======== Exercise input ========
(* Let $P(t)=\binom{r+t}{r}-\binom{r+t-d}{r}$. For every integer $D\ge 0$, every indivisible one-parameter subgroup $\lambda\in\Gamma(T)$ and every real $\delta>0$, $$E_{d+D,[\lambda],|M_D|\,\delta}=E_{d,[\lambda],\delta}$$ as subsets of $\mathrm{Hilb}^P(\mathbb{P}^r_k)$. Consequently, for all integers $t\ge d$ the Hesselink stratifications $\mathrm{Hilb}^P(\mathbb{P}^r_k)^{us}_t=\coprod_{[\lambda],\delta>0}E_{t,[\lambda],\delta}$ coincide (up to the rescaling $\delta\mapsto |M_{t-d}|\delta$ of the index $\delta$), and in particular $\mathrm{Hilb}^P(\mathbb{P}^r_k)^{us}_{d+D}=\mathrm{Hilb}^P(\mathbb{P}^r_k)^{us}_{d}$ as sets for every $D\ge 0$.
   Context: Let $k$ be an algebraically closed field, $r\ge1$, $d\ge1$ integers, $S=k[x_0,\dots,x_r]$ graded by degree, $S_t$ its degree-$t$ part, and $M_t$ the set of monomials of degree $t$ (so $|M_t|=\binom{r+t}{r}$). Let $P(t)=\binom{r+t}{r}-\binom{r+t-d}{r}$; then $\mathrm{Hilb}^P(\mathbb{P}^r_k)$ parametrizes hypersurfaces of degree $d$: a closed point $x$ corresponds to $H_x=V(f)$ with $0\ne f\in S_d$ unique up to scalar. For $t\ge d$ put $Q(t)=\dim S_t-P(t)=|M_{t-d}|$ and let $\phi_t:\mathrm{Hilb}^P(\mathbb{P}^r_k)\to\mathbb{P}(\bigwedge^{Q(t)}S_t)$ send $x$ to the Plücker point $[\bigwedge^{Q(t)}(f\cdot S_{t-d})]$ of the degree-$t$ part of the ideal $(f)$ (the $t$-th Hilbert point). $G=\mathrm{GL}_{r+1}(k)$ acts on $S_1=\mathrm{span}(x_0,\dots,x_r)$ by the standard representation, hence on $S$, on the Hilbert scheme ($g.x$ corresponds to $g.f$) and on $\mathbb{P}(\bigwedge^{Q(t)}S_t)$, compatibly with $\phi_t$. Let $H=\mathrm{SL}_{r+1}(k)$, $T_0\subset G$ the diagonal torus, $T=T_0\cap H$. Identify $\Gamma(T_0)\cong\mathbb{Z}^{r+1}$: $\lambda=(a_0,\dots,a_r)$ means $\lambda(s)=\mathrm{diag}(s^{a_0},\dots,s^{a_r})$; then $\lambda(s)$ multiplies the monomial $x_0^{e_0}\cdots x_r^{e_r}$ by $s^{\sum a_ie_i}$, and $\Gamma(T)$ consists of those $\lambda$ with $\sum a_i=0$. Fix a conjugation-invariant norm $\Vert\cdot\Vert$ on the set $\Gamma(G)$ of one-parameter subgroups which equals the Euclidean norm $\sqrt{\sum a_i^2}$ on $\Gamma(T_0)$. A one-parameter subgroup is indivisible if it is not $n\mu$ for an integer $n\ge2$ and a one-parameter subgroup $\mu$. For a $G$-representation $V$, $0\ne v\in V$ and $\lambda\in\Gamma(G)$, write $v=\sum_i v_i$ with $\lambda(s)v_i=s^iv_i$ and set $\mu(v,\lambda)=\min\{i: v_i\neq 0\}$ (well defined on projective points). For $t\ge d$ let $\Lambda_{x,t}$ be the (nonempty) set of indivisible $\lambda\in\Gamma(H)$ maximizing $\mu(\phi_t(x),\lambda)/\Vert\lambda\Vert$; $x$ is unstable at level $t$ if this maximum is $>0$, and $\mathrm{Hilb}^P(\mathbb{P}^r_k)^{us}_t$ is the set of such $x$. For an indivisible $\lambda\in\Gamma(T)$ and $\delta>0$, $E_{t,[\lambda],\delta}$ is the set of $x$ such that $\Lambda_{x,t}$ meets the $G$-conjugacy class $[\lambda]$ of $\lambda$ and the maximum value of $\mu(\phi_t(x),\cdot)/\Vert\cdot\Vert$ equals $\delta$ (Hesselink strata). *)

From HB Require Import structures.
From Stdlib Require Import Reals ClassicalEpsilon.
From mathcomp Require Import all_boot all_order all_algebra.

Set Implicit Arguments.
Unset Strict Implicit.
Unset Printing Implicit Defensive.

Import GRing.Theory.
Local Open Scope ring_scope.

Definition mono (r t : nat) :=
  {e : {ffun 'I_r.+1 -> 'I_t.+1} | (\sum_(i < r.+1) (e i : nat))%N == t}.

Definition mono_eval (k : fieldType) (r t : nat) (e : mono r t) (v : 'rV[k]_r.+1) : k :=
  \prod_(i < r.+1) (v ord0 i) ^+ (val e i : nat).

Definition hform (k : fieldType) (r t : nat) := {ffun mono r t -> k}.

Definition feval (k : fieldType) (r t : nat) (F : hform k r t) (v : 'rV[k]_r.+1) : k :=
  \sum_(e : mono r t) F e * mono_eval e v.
========
Problem to work on
Give back the records above exactly, limited to the lines between the one holding "Unset Strict Implicit." and the one holding "Definition feval (k", inclusive.

Result of the task
Unset Strict Implicit.
Unset Printing Implicit Defensive.

Import GRing.Theory.
Local Open Scope ring_scope.

Definition mono (r t : nat) :=
  {e : {ffun 'I_r.+1 -> 'I_t.+1} | (\sum_(i < r.+1) (e i : nat))%N == t}.

Definition mono_eval (k : fieldType) (r t : nat) (e : mono r t) (v : 'rV[k]_r.+1) : k :=
  \prod_(i < r.+1) (v ord0 i) ^+ (val e i : nat).

Definition hform (k : fieldType) (r t : nat) := {ffun mono r t -> k}.

Definition feval (k : fieldType) (r t : nat) (F : hform k r t) (v : 'rV[k]_r.+1) : k :=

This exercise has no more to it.